Lemma ele_neq_elt x y : ele x y -> x <> y -> elt x y.
Proof. intros [H|H] Hn; tauto. Qed.

Lemma elt_not_ele x y : elt x y -> ~ ele y x.
Proof.
  intros H [H'|e]; [|subst y]; destruct x; try destruct y; simpl in *; auto; lra.
Qed.

Lemma ele_Fin_le a b : ele (Fin a) (Fin b) -> a <= b.
Proof. intros [H|H]; [simpl in H; lra|injection H; lra]. Qed.

Lemma esup_exists_gt (S : R -> Prop) a c : is_esup S a -> elt (Fin c) a ->
  exists x, S x /\ c < x.
Proof.
  intros [_ Hleast] Hc. apply NNPP; intros Hn. apply (elt_not_ele _ _ Hc), Hleast.
  intros x Sx. destruct (Rlt_le_dec c x) as [Hcx|Hxc]; [elim Hn; exists x; auto|].
  destruct (Rle_lt_or_eq_dec _ _ Hxc) as [h| ->]; [left; exact h|right; reflexivity].
Qed.

Lemma einf_exists_lt (S : R -> Prop) b c : is_einf S b -> elt b (Fin c) ->
  exists x, S x /\ x < c.
Proof.
  intros [_ Hgreatest] Hc. apply NNPP; intros Hn. apply (elt_not_ele _ _ Hc), Hgreatest.
  intros x Sx. destruct (Rlt_le_dec x c) as [Hxc|Hcx]; [elim Hn; exists x; auto|].
  destruct (Rle_lt_or_eq_dec _ _ Hcx) as [h| ->]; [left; exact h|right; reflexivity].
Qed.

Section RangeEndpoints.

Variables (j : R -> R) (astar bstar : ereal).
Hypothesis Hinc : increasing j.
Hypothesis Ha : is_esup (fun y => exists x, j x = y) astar.
Hypothesis Hb : is_einf (fun y => exists x, j x = y) bstar.

Lemma esup_unattained_preimage_infinite : (~ exists x, Fin (j x) = astar) ->
  forall c, elt (Fin c) astar -> meas_infinite (fun x => eint (Fin c) astar (j x)).
Proof.
  intros Hna c Hc.
  destruct (esup_exists_gt _ _ _ Ha Hc) as [y [[x1 <-] Hcx1]].
  apply (meas_infinite_right_halfline _ x1). intros x Hx. split.
  - simpl. assert (j x1 <= j x) by (apply Hinc, Hx). lra.
  - apply ele_neq_elt; [apply (proj1 Ha); exists x; reflexivity|].
    intros e; apply Hna; exists x; exact e.
Qed.

Lemma einf_unattained_preimage_infinite : (~ exists x, Fin (j x) = bstar) ->
  forall c, elt bstar (Fin c) -> meas_infinite (fun x => eint bstar (Fin c) (j x)).
Proof.
  intros Hna c Hc.
  destruct (einf_exists_lt _ _ _ Hb Hc) as [y [[x1 <-] Hx1c]].
  apply (meas_infinite_left_halfline _ x1). intros x Hx. split.
  - apply ele_neq_elt; [apply (proj1 Hb); exists x; reflexivity|].
    intros e; apply Hna; exists x; symmetry; exact e.
  - simpl. assert (j x <= j x1) by (apply Hinc, Hx). lra.
Qed.

Hypothesis Hnonconst : exists x y, j x <> j y.

Lemma exists_other_value x1 : exists x0, j x0 <> j x1.
Proof.
  destruct Hnonconst as [x [y Hxy]].
  destruct (Req_dec (j x) (j x1)) as [e|ne]; [exists y; congruence|exists x; exact ne].
Qed.

(* Taking [x0] with [j x0 < j x1 = astar] and [c] the midpoint of [j x0] and
   [j x1], monotonicity confines the preimage of [(c, astar)] to [(x0, x1)]. *)
Lemma esup_attained_preimage_bounded x1 : Fin (j x1) = astar ->
  exists c, eint bstar astar c /\ ~ meas_infinite (fun x => eint (Fin c) astar (j x)).
Proof.
  intros Hx1. destruct (exists_other_value x1) as [x0 Hne].
  assert (Hlt : j x0 < j x1).
  { assert (j x0 <= j x1); [|lra].
    apply ele_Fin_le. rewrite Hx1. apply (proj1 Ha). exists x0; reflexivity. }
  assert (Hx01 : x0 <= x1)
    by (apply Rnot_lt_le; intros h; assert (j x1 <= j x0) by (apply Hinc; lra); lra).
  exists ((j x0 + j x1) / 2). split; [split|].
  - apply ele_elt_trans with (j x0); [apply (proj1 Hb); exists x0; reflexivity|lra].
  - rewrite <- Hx1. simpl. lra.
  - intros Hinf. apply Hinf. exists (x1 - x0). apply outer_le_interval; [lra|].
    intros x [Hcx Hxa]. rewrite <- Hx1 in Hxa. simpl in Hcx, Hxa. split.
    + apply Rnot_le_lt; intros h. assert (j x <= j x0) by (apply Hinc, h). lra.
    + apply Rnot_le_lt; intros h. assert (j x1 <= j x) by (apply Hinc, h). lra.
Qed.

Lemma einf_attained_preimage_bounded x1 : Fin (j x1) = bstar ->
  exists c, eint bstar astar c /\ ~ meas_infinite (fun x => eint bstar (Fin c) (j x)).
Proof.
  intros Hx1. destruct (exists_other_value x1) as [x0 Hne].
  assert (Hlt : j x1 < j x0).
  { assert (j x1 <= j x0); [|lra].
    apply ele_Fin_le. rewrite Hx1. apply (proj1 Hb). exists x0; reflexivity. }
  assert (Hx10 : x1 <= x0)
    by (apply Rnot_lt_le; intros h; assert (j x0 <= j x1) by (apply Hinc; lra); lra).
  exists ((j x1 + j x0) / 2). split; [split|].
  - rewrite <- Hx1. simpl. lra.
  - apply elt_ele_trans with (j x0); [lra|apply (proj1 Ha); exists x0; reflexivity].
  - intros Hinf. apply Hinf. exists (x0 - x1). apply outer_le_interval; [lra|].
    intros x [Hbx Hxc]. rewrite <- Hx1 in Hbx. simpl in Hbx, Hxc. split.
    + apply Rnot_le_lt; intros h. assert (j x <= j x1) by (apply Hinc, h). lra.
    + apply Rnot_le_lt; intros h. assert (j x0 <= j x) by (apply Hinc, h). lra.
Qed.

End RangeEndpoints.

Theorem mainTheorem12
  (G : R -> Prop) (z : R) (j : R -> R) (astar bstar : ereal)
  (HGopen : is_open G)
  (HGdense : forall a b, a < b -> meas_pos (fun x => G x /\ a < x /\ x < b))
  (HFpos : meas_pos (fun x => ~ G x))
  (HFperf : no_isolated_points (fun x => ~ G x))
  (HGinf : meas_infinite G)
  (HzF : ~ G z) (HzH : ~ endpoints G z)
  (Hj : is_j (fun x => ~ G x) z j)
  (Ha : is_esup (fun y => exists x, j x = y) astar)
  (Hb : is_einf (fun y => exists x, j x = y) bstar) :
  ((~ exists x, Fin (j x) = astar) <->
     (forall c, eint bstar astar c ->
        meas_infinite (fun x => eint (Fin c) astar (j x))))
  /\
  ((~ exists x, Fin (j x) = bstar) <->
     (forall c, eint bstar astar c ->
        meas_infinite (fun x => eint bstar (Fin c) (j x)))).
Proof.
  assert (Hinc := is_j_increasing _ _ _ Hj).
  assert (Hnonconst : exists x y, j x <> j y).
  { destruct (is_j_nonconstant _ _ _ Hj (is_open_closed_complement G HGopen) HFpos)
      as [x Hx].
    exists x, z; exact Hx. }
  split; split.
  - intros Hna c [_ Hc]. exact (esup_unattained_preimage_infinite j astar Hinc Ha Hna c Hc).
  - intros Hinf [x1 Hx1].
    destruct (esup_attained_preimage_bounded j astar bstar Hinc Ha Hb Hnonconst x1 Hx1)
      as [c [Hc Hfin]].
    exact (Hfin (Hinf c Hc)).
  - intros Hna c [Hc _]. exact (einf_unattained_preimage_infinite j bstar Hinc Hb Hna c Hc).
  - intros Hinf [x1 Hx1].
    destruct (einf_attained_preimage_bounded j astar bstar Hinc Ha Hb Hnonconst x1 Hx1)
      as [c [Hc Hfin]].
    exact (Hfin (Hinf c Hc)).
Qed.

§ TASK BRIEF
Give the number of lines in the listing that contain the word "eint", leaving out all other words.

§ THE COMPLETED TASK
8